MIDDLETON–Two days, a genre, a line, a character, a prop, and a team of filmmakers are the recipe for a short film in the 48 Hour Film Project, a worldwide competition that tests a team’s moxie along with their editing, writing and filming skills.

The films, which recently premiered at the Bartell Theatre in Madison, are in the process of being judged and the award ceremony and screening has been scheduled for Aug. 17 at Capital Brewery in Middleton.

This year competitors were given a sponge as a prop, a character named Rob or Robyn Sarvis who is a travel specialist, and the line “He told me to ask you”  to be incorporated into the four to seven-minute films. The use of specific elements is to prevent people from pre-writing scripts.

Michael Keeney and Katherine Thompson organized the Madison event. Both have competed in the 48 Hour Film Project, but for the last couple years have turned their attention to running the competition. 

Competitors chose two film genres from a hat and can use one or incorporate both. “This year we had some combine the genres. Someone got spy film and musical, and were like ‘Oh we’re going to combine them,’” Keeney explained. 

“There are some really good films this year, “ added Thompson.

“There are members of various films who did all original music,” Keeney stated. 

Of the 29 competitors, 27 were juried in the contest. Those who go past the 48 hours are not qualified for the competition. “That happens every year, about 20 percent across the organization turn in late films,” Kenney said. 

Thompson said the average size of a fil crew is 12. “The smallest I’ve seen is two,” she said. 

Some of the footwork for the films can be done ahead of time, though. “You can work on scenes and lining up actors or animals (a past film included dozens of horses) ahead of time on the chance you could use them,” Keeney included. 

“But there have been fabulous films that have been completely filmed in a park,” Thompson said. 

The competition have categories for both adults and students, and both Keeney and Thompson encourage student filmmakers to compete. One of the student filmmakers, is Middleton native Katie Hettenbach. “They have their own category, but are eligible for either,” Thompson stated. 

Keeney and Thompson said the majority of their films come from Madison and Dane County, though there have been competitors from other towns as well. Each city has different criteria to prevent filmmakers from entering the same film in different locations. 

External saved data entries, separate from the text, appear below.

(* Let $m\ge 2$ be an integer and let $f(1,1,m)$ be the minimum number of sets in an antipodal $(1,m)$-fold cover of the circle $S^1$ with open sets. Then $f(1,1,m)=2+m$.
   Context: $S^1$ denotes the unit circle in $\mathbb{R}^{2}$ centered at the origin. A cover of $S^1$ is a (finite) family of subsets of $S^1$; it is an $n$-fold cover if every point belongs to at least $n$ of the sets. A cover is antipodal if none of its sets contains a pair of antipodal points $x,-x$. The open northern hemisphere is $\{x\in S^1: x_{2}>0\}$. For $m>n\ge 1$, an $(n,m)$-fold cover is an $n$-fold cover in which every point of the open northern hemisphere belongs to at least $m$ of the sets. *)

From Stdlib Require Import Reals List.
Open Scope R_scope.

Definition point := (R * R)%type.

Definition S1 (p : point) : Prop := fst p ^ 2 + snd p ^ 2 = 1.

Definition antipode (p : point) : point := (- fst p, - snd p).

Definition dist2 (p q : point) : R :=
  sqrt ((fst p - fst q) ^ 2 + (snd p - snd q) ^ 2).

Definition open_in_S1 (A : point -> Prop) : Prop :=
  forall p, A p -> exists eps, 0 < eps /\
    forall q, S1 q -> dist2 p q < eps -> A q.

(* A set_family of k sets is indexed by i < k. *)
Definition set_family := nat -> point -> Prop.

Definition family_of_subsets (k : nat) (A : set_family) : Prop :=
  forall i p, (i < k)%nat -> A i p -> S1 p.

Definition in_at_least (n k : nat) (A : set_family) (p : point) : Prop :=
  exists l : list nat, NoDup l /\ length l = n /\
    forall i, In i l -> (i < k)%nat /\ A i p.

Definition nfold_cover (n k : nat) (A : set_family) : Prop :=
  family_of_subsets k A /\ forall p, S1 p -> in_at_least n k A p.

Definition antipodal (k : nat) (A : set_family) : Prop :=
  forall i p, (i < k)%nat -> A i p -> ~ A i (antipode p).

Definition north (p : point) : Prop := S1 p /\ 0 < snd p.

Definition nm_fold_cover (n m k : nat) (A : set_family) : Prop :=
  nfold_cover n k A /\ forall p, north p -> in_at_least m k A p.

Definition antipodal_open_nm_cover (n m k : nat) (A : set_family) : Prop :=
  nm_fold_cover n m k A /\ antipodal k A /\ forall i, (i < k)%nat -> open_in_S1 (A i).
Lemma periodic_shift x0 q u i j : periodic q u -> 0 < q -> i <= j ->
  j + q <= size u ->
  (forall t, t < q -> nth x0 u (i + t) = nth x0 u (j + t)) ->
  periodic ((j - i) %% q) u.
Proof.
move=> Pq q0 ij jq E; apply/(periodicP x0) => m md.
set d := (j - i) %% q in md *.
pose t := (m + q * i - i) %% q.
have tq : t < q by rewrite ltn_pmod.
have qi : i <= q * i by rewrite leq_pmull.
have it : i + t = m %[mod q].
  by rewrite modnDmr subnKC 1?addnC 1?mulnC ?modnMDl //; lia.
have jt : j + t = m + d %[mod q].
  have -> : j + t = (j - i) + (i + t) by rewrite addnA subnK.
  by rewrite -modnDm it modnDm addnC modnDmr.
clearbody d t.
have mu : m < size u by lia.
have iu : i + t < size u by lia.
have jtu : j + t < size u by lia.
by rewrite (nth_periodic_eqmod x0 Pq mu iu (esym it)) E // (nth_periodic_eqmod x0 Pq jtu md jt).
Qed.

Section MinimalPeriod.
Variables (q : nat) (u : seq T).
Hypotheses (Pq : periodic q u) (q_gt0 : 0 < q)
           (q_min : forall d, 0 < d < q -> ~~ periodic d u).

Lemma occurrences_eqmod s1 x s2 s1' s2' :
  u = s1 ++ x ++ s2 -> u = s1' ++ x ++ s2' -> q <= size x ->
  size s1 = size s1' %[mod q].
Proof.
wlog le1 : s1 s2 s1' s2' / size s1 <= size s1'.
  move=> W E E' qx; case: (leqP (size s1) (size s1')) => [|/ltnW] le.
    exact: W E E' qx.
  exact/esym/(W _ _ _ _ le E' E qx).
case: x => [|x0 x] E E' qx; first by move: q_gt0 qx => /=; lia.
have nthE s z s'' t : u = s ++ z ++ s'' -> t < size z ->
    nth x0 u (size s + t) = nth x0 z t.
  by move=> -> tz; rewrite nth_cat ltnNge leq_addr addKn /= nth_cat tz.
have fit : size s1' + q <= size u by rewrite E' !size_cat; lia.
have/(periodic_shift Pq q_gt0 le1 fit) per_d : forall t, t < q ->
    nth x0 u (size s1 + t) = nth x0 u (size s1' + t).
  by move=> t tq; rewrite (nthE _ _ _ _ E) ?(nthE _ _ _ _ E') //; lia.
apply/esym/eqP; rewrite eqn_mod_dvd // /dvdn.
case: posnP => // d_gt0.
have d_lt : (size s1' - size s1) %% q < q by rewrite ltn_pmod.
by have/negP[] := q_min (introT andP (conj d_gt0 d_lt)).
Qed.
(* Let $X$ be a $T_1$ topological space with at least two points and let $f\neq g$ be vertices of $\Gamma(C_c(X)_F)$. Then (i) $c(f,g)=3$ iff $Z(f)\cup Z(g)=X$ and $Z(f)\cap Z(g)\neq\emptyset$; (ii) $c(f,g)=4$ iff either ($Z(f)\cup Z(g)=X$ and $Z(f)\cap Z(g)=\emptyset$) or ($Z(f)\cup Z(g)\neq X$ and $Z(f)\cap Z(g)\neq\emptyset$); (iii) $c(f,g)=6$ iff $Z(f)\cup Z(g)\neq X$ and $Z(f)\cap Z(g)=\emptyset$.
   Context: $C_c(X)_F$ denotes the set of all functions $f:X\to\mathbb{R}$ whose range is countable and whose set of points of discontinuity is finite. $Z(f)=\{x:f(x)=0\}$. $\Gamma(C_c(X)_F)$ is the zero-divisor graph: vertices are the nonzero zero divisors of $C_c(X)_F$, and distinct vertices $f,g$ are adjacent iff $fg=0$. $c(f,g)$ is the length of a shortest cycle (with distinct vertices) containing both $f$ and $g$, and $c(f,g)=\infty$ if no such cycle exists. *)

From HB Require Import structures.
From mathcomp Require Import all_boot all_order all_algebra.
From mathcomp Require Import all_classical all_reals all_analysis.
Set Implicit Arguments. Unset Strict Implicit. Unset Printing Implicit Defensive.
Import Order.TTheory GRing.Theory Num.Theory numFieldNormedType.Exports.
Local Open Scope classical_set_scope.
Local Open Scope ring_scope.

Definition CcF (X : topologicalType) (R : realType) (f : X -> R) : Prop :=
  countable (range f) /\ finite_set [set x : X | ~ {for x, continuous f}].

Definition Zset (X : Type) (R : realType) (f : X -> R) : set X :=
  [set x | f x = 0].

Definition vertex (X : topologicalType) (R : realType) (f : X -> R) : Prop :=
  CcF f /\ f <> (fun _ => 0) /\
  exists g : X -> R, CcF g /\ g <> (fun _ => 0) /\ (forall x, f x * g x = 0).

Definition adj (X : topologicalType) (R : realType) (f g : X -> R) : Prop :=
  vertex f /\ vertex g /\ f <> g /\ (forall x, f x * g x = 0).

Definition is_cycle (X : topologicalType) (R : realType) (n : nat)
    (v : nat -> X -> R) : Prop :=
  (3 <= n)%N /\
  (forall i j, (i < n)%N -> (j < n)%N -> v i = v j -> i = j) /\
  (forall i, (i < n)%N -> adj (v i) (v ((i.+1) %% n)%N)).

Definition cycle_through (X : topologicalType) (R : realType) (n : nat)
    (f g : X -> R) : Prop :=
  exists v : nat -> X -> R, is_cycle n v /\
    (exists i, (i < n)%N /\ v i = f) /\ (exists j, (j < n)%N /\ v j = g).

Definition cfg_eq (X : topologicalType) (R : realType) (f g : X -> R)
    (n : nat) : Prop :=
  cycle_through n f g /\ forall m, (m < n)%N -> ~ cycle_through m f g.

From HB Require Import structures.
From mathcomp Require Import all_boot all_order all_algebra.
From mathcomp Require Import all_classical all_reals all_analysis.
From mathcomp Require Import zify.
Import Order.TTheory GRing.Theory Num.Theory.
Local Open Scope classical_set_scope.
Local Open Scope ring_scope.

Set Implicit Arguments. Unset Strict Implicit.

(* A cycle of length at most 5 through f and g makes them adjacent or gives
   them a common neighbour h.  Adjacency means fg = 0, i.e. Z(f) u Z(g) = X;
   a common neighbour h <> 0 forces f and g to vanish wherever h does not,
   so Z(f) n Z(g) is nonempty; in a triangle both happen.  Conversely, in a T1 space
   the spike with value c <> 0 at x and 0 elsewhere lies in C_c(X)_F and is
   adjacent to every vertex vanishing at x.  Spikes at a common zero of f and
   g, or at a zero of f and a zero of g, with fresh values, close cycles of
   length 3, 4 or 6 through f and g according to the two conditions. *)

Lemma neq_wlog_ltn (P : nat -> nat -> Prop) :
  (forall i j, P i j -> P j i) -> (forall i j, (i < j)%N -> P i j) ->
  forall i j, i <> j -> P i j.
Proof. by move=> Psym Plt i j ij; case: (ltngtP i j) => [/Plt|/Plt/Psym|/ij]. Qed.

In addition to awards for writing, editing, etc., awards will be given to those that work behind the and indirectly of the filmmaking. “I think it will be nice to give those people a little nod, too,” Thompson said. 

Winners of the competitions have their films screened and judged at the 48 Hour Film Project international competition in Rotterdam, Netherlands. The winner of the international contest will go to the Cannes Film Festival in France. 

“Someone makes it every year–someone from the 48 Hour Film Project makes a career of filmmaking,” Keeney said.

At the screening this weekend, guest will pay $10 to see 10 films on an outdoor movie screen. There will be food trucks, music and awards. Music will begin at 5 p.m., awards at 6 p.m. and movie viewing will immediately follow. 

The event is open to all ages, but Thompson explained, “The films are unrated, so they could have language or adult situations.”